Research: Myspace and Facebook are different class

Research by Danah Boyd suggests that the two social networking sites reflect existing class structures.
Written by Steve O'Hear, Contributor

In my recent post 'Facebook and MySpace are like chalk ‘n’ cheese', I argued that the two sites have contrasting user-bases, and cater for different needs.

... essentially I see the two giants generally catering for the needs of different demographics — hence their distinct differences in terms of layout and functionality.

MySpace I suggested was much more a place for teens, and I borrowed Richard Wray's analogy of the site being like a teenager's bedroom: messy, decorated with posters, and with irritating music constantly in the background. In contrast -- and I was of course generalising -- Facebook reflected its college roots, and places greater emphasis on various kinds of career / social life networking, rather than self-expression.

What I failed to mention (in part because my views were based on personal experience, as well as simple observations from looking at the two sites) was that class plays a significant factor.

Enter Danah Boyd's research, published in an essay on her blog today.

First thing to note is that Boyd's definition of class is a modern one, having "more to do with social networks (the real ones, not FB/MS), social capital, cultural capital, and attitudes than income."

Boyd's research is based on qualitive interviews with young people in the US, carried out over the last six months.

On Facebook's user-base among younger people, Boyd writes:

The goodie two shoes, jocks, athletes, or other "good" kids are now going to Facebook. These kids tend to come from families who emphasize education and going to college. They are part of what we'd call hegemonic society. They are primarily white, but not exclusively. They are in honors classes, looking forward to the prom, and live in a world dictated by after school activities.

In contrast:

MySpace is still home for Latino/Hispanic teens, immigrant teens, "burnouts," "alternative kids," "art fags," punks, emos, goths, gangstas, queer kids, and other kids who didn't play into the dominant high school popularity paradigm. These are kids whose parents didn't go to college, who are expected to get a job when they finish high school. Teens who are really into music or in a band are on MySpace. MySpace has most of the kids who are socially ostracized at school because they are geeks, freaks, or queers.

Boyd's research reflects something I've always thought props up class structures offline, and flies in the face of the notion of the Internet as a democratizing force. The middle / upper classes have always used their existing social networks (the offline kind) as a way of maintaining a privileged position, and securing the best opportunities in life.

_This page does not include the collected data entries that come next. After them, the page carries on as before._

Lemma atombP c : size c = size V -> reflect (atom (expand V c)) (atomb c).
Proof.
move=> Hc; apply: (iffP idP).
- move=> /andP[/andP[Hpos Hz] Hh]; split.
  + by rewrite -size_eq0 size_expand // -lt0n.
  + by rewrite -zsE.
  + move=> [s1 [s2 [n1 n2 z1 z2 Hp]]].
    have [Hle Hs1 _] := split_expand Hc Hp.
    move/negP: Hh; apply; apply/hasP; exists (mult s1); first by rewrite mem_boxes.
    have E1 : sumn (mult s1) = size s1.
      by rewrite -(@size_expand _ V) ?size_map // -(perm_size Hs1).
    have E2 : sumn c = size s1 + size s2.
      by rewrite -(@size_expand _ V) // (perm_size Hp) size_cat.
    rewrite E1 E2 zsE -(zero_sum_perm Hs1) z1 andbT.
    move: n1 n2; rewrite -!size_eq0 -!lt0n => -> P2.
    by rewrite -[X in X < _]addn0 ltn_add2l.
- move=> [Hne Hz Hnd].
  have Hpos : 0 < sumn c by rewrite -(@size_expand _ V) // lt0n size_eq0.
  rewrite /atomb Hpos zsE Hz /=; apply/hasPn => d Hd.
  apply/negP => /andP[/andP[Hd0 Hdc] Hzd].
  rewrite mem_boxes in Hd; have Hsd : size d = size V by rewrite (all2_leq_size Hd).
  have Hp := expand_vsub Hd Hc.
  apply: Hnd; exists (expand V d), (expand V (vsub c d)); split => //.
  + by rewrite -size_eq0 size_expand // -lt0n.
  + by rewrite -size_eq0 size_expand ?size_vsub // sumn_vsub //; lia.
  + by rewrite -zsE.
  + move: Hz; rewrite (zero_sum_perm Hp) /zero_sum big_cat /=.
    by move: Hzd; rewrite zsE /zero_sum => /eqP ->; rewrite add0r.
Qed.

Definition single (i m : nat) : seq nat :=
  [seq (if j == i then m else 0) | j <- iota 0 (size V)].

Lemma size_single i m : size (single i m) = size V.
Proof. by rewrite size_map size_iota. Qed.

Lemma nth_single i m j : j < size V -> nth 0 (single i m) j = if j == i then m else 0.
Proof. by move=> Hj; rewrite (nth_map 0) ?size_iota // nth_iota. Qed.

Lemma expand_single i m : i < size V ->
  perm_eq (expand V (single i m)) (nseq m (nth 0%R V i)).
Proof.
move=> Hi; apply/allP => y _; apply/eqP; rewrite count_expand ?size_single //.
rewrite count_nseq /=; case: ifP => Hy.
  rewrite nth_single ?index_mem //.
  have -> : (index y V == i) = (nth 0%R V i == y).
    by apply/eqP/eqP => [<-|<-]; [rewrite nth_index | rewrite index_uniq].
  by case: eqP; rewrite ?mul1n ?mul0n.
by case: eqP => // E; rewrite -E mem_nth in Hy.
Qed.

Lemma atom_order2 c i : size c = size V -> atomb c -> 1 < nth 0 c i ->
  (nth 0%R V i + nth 0%R V i = 0)%R -> c = single i 2.
Proof.
move=> Hc Ha Hci Hord.
have Hi : i < size V.
  by rewrite ltnNge; apply: contraTN Hci => Hi; rewrite nth_default ?Hc.
have Hdc : all2 leq (single i 2) c.
  apply/all2_leqP => [|j]; first by rewrite size_single.
  case: (ltnP j (size V)) => Hj; last by rewrite nth_default // size_single.
  by rewrite nth_single //; case: eqP => [->|_] //; exact: ltnW.
have Hp := expand_single 2 Hi.
have Hzd : zs (single i 2).
  by rewrite zsE (zero_sum_perm Hp) /zero_sum !big_cons big_nil addr0 Hord.
have Hsumd : sumn (single i 2) = 2.
  by rewrite -(@size_expand _ V) ?size_single // (perm_size Hp).
apply: all2_leq_sumn_eq => //; rewrite Hsumd leqNgt.
move: Ha => /andP[_ /hasPn /(_ (single i 2))]; rewrite mem_boxes => /(_ Hdc).
by rewrite Hsumd Hzd andbT.
Qed.

Definition atoms_below (n0 : seq nat) : seq (seq nat) := filter atomb (boxes n0).

Definition atoms_below2 (n0 : seq nat) : seq (seq nat) :=
  filter atomb (boxes (map (minn 1) n0) ++ [seq single i 2 | i <- iota 0 (size V)]).

Lemma atoms_below_complete n0 a : atomb a -> all2 leq a n0 -> a \in atoms_below n0.
Proof. by move=> Ha Hle; rewrite mem_filter mem_boxes Ha. Qed.

Lemma atoms_below2_complete n0 a : size n0 = size V ->
  (forall x, x \in V -> (x + x = 0)%R) ->
  atomb a -> all2 leq a n0 -> a \in atoms_below2 n0.
Proof.
move=> Hn0 Hord Ha Hle; have Hsa : size a = size V by rewrite (all2_leq_size Hle).
rewrite mem_filter Ha mem_cat /=.
have [/hasP[x Hx H1x]|/hasPn Hsq] := boolP (has (fun x => 1 < x) a).
  have Hi : index x a < size V by rewrite -Hsa index_mem.
  rewrite (atom_order2 Hsa Ha (i := index x a)) ?nth_index ?Hord ?mem_nth //.
  by apply/orP; right; apply: map_f; rewrite mem_iota.
apply/orP; left; rewrite mem_boxes.
apply/all2_leqP => [|j]; first by rewrite size_map Hsa.
case: (ltnP j (size a)) => Hj; last by rewrite nth_default.
rewrite (nth_map 0) ?Hn0 -?Hsa // leq_min leqNgt Hsq ?mem_nth //=.
by move/(all2_leqP (all2_leq_size Hle)): Hle.
Qed.

Lemma atoms_below_atoms n0 a : a \in atoms_below n0 -> atomb a.
Proof. by rewrite mem_filter => /andP[]. Qed.

Lemma atoms_below2_atoms n0 a : a \in atoms_below2 n0 -> atomb a.
Proof. by rewrite mem_filter => /andP[]. Qed.

Lemma in_lengths_first_atom n k i : size n = size V -> 0 < nth 0 n i ->
  in_lengths (expand V n) k ->
  exists2 a, [/\ atomb a, all2 leq a n & 0 < nth 0 a i] &
    exists2 k', k = k'.+1 & in_lengths (expand V (vsub n a)) k'.
Proof.
move=> Hn Hni [As [Hk Hat Hp]].
have Hi : i < size V.
  by rewrite -Hn ltnNge; apply: contraTN Hni => Hi; rewrite nth_default.
have : nth 0%R V i \in expand V n.
  by rewrite -has_pred1 has_count count_expand // mem_nth // index_uniq // -Hn.
rewrite (perm_mem Hp) => /flattenP [A HA yA].
have Hp2 : perm_eq (expand V n) (A ++ flatten (rem A As)).
  exact: perm_trans Hp (perm_flatten (perm_to_rem HA)).
have [Hle HsA Hr] := split_expand Hn Hp2.
exists (mult A).
  split => //; last by rewrite nth_mult // -has_count has_pred1.
  by apply/atombP; [rewrite size_map | exact: atom_perm HsA (Hat A HA)].
exists (size (rem A As)).
  by rewrite -Hk size_rem // prednK // -has_predT; apply/hasP; exists A.
exists (rem A As); split; [by [] | by move=> B /mem_rem /Hat | by rewrite perm_sym].
Qed.

Lemma in_lengths_add_atom n a k : size n = size V -> atomb a -> all2 leq a n ->
  in_lengths (expand V (vsub n a)) k -> in_lengths (expand V n) k.+1.
Proof.
move=> Hn Ha Hle [As [Hk Hat Hp]].
have Hsa : size a = size V by rewrite (all2_leq_size Hle).
exists (expand V a :: As); split; first by rewrite /= Hk.
- by move=> B; rewrite inE => /predU1P[->|]; [apply/atombP | exact: Hat].
- by apply: perm_trans (expand_vsub Hle Hn) _; rewrite perm_cat2l.
Qed.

However, what's most interesting is that Facebook's functionality -- and user-base -- reflects this. Remember Facebook profiles are hidden unless you are logged in and added as friend.

Mike Butcher writes:

... in the future the really powerful networks will be closed ones. You can't get to a Facebook profile unless you are registered and it's not open to the Web. On MySpace anyone - logged in or not - can reach you, and it also reflects a teenager's general "posture" to the outside world much more because of its public nature.

Boyd's conclusion is equally depressing:

It breaks my heart to watch a class divide play out in the technology. I shouldn't be surprised - when orkut grew popular in India, the caste system was formalized within the system by the users. But there's something so strange about watching a generation splice themselves in two based on class divisions or lifestyles or whatever you want to call these socio-structural divisions.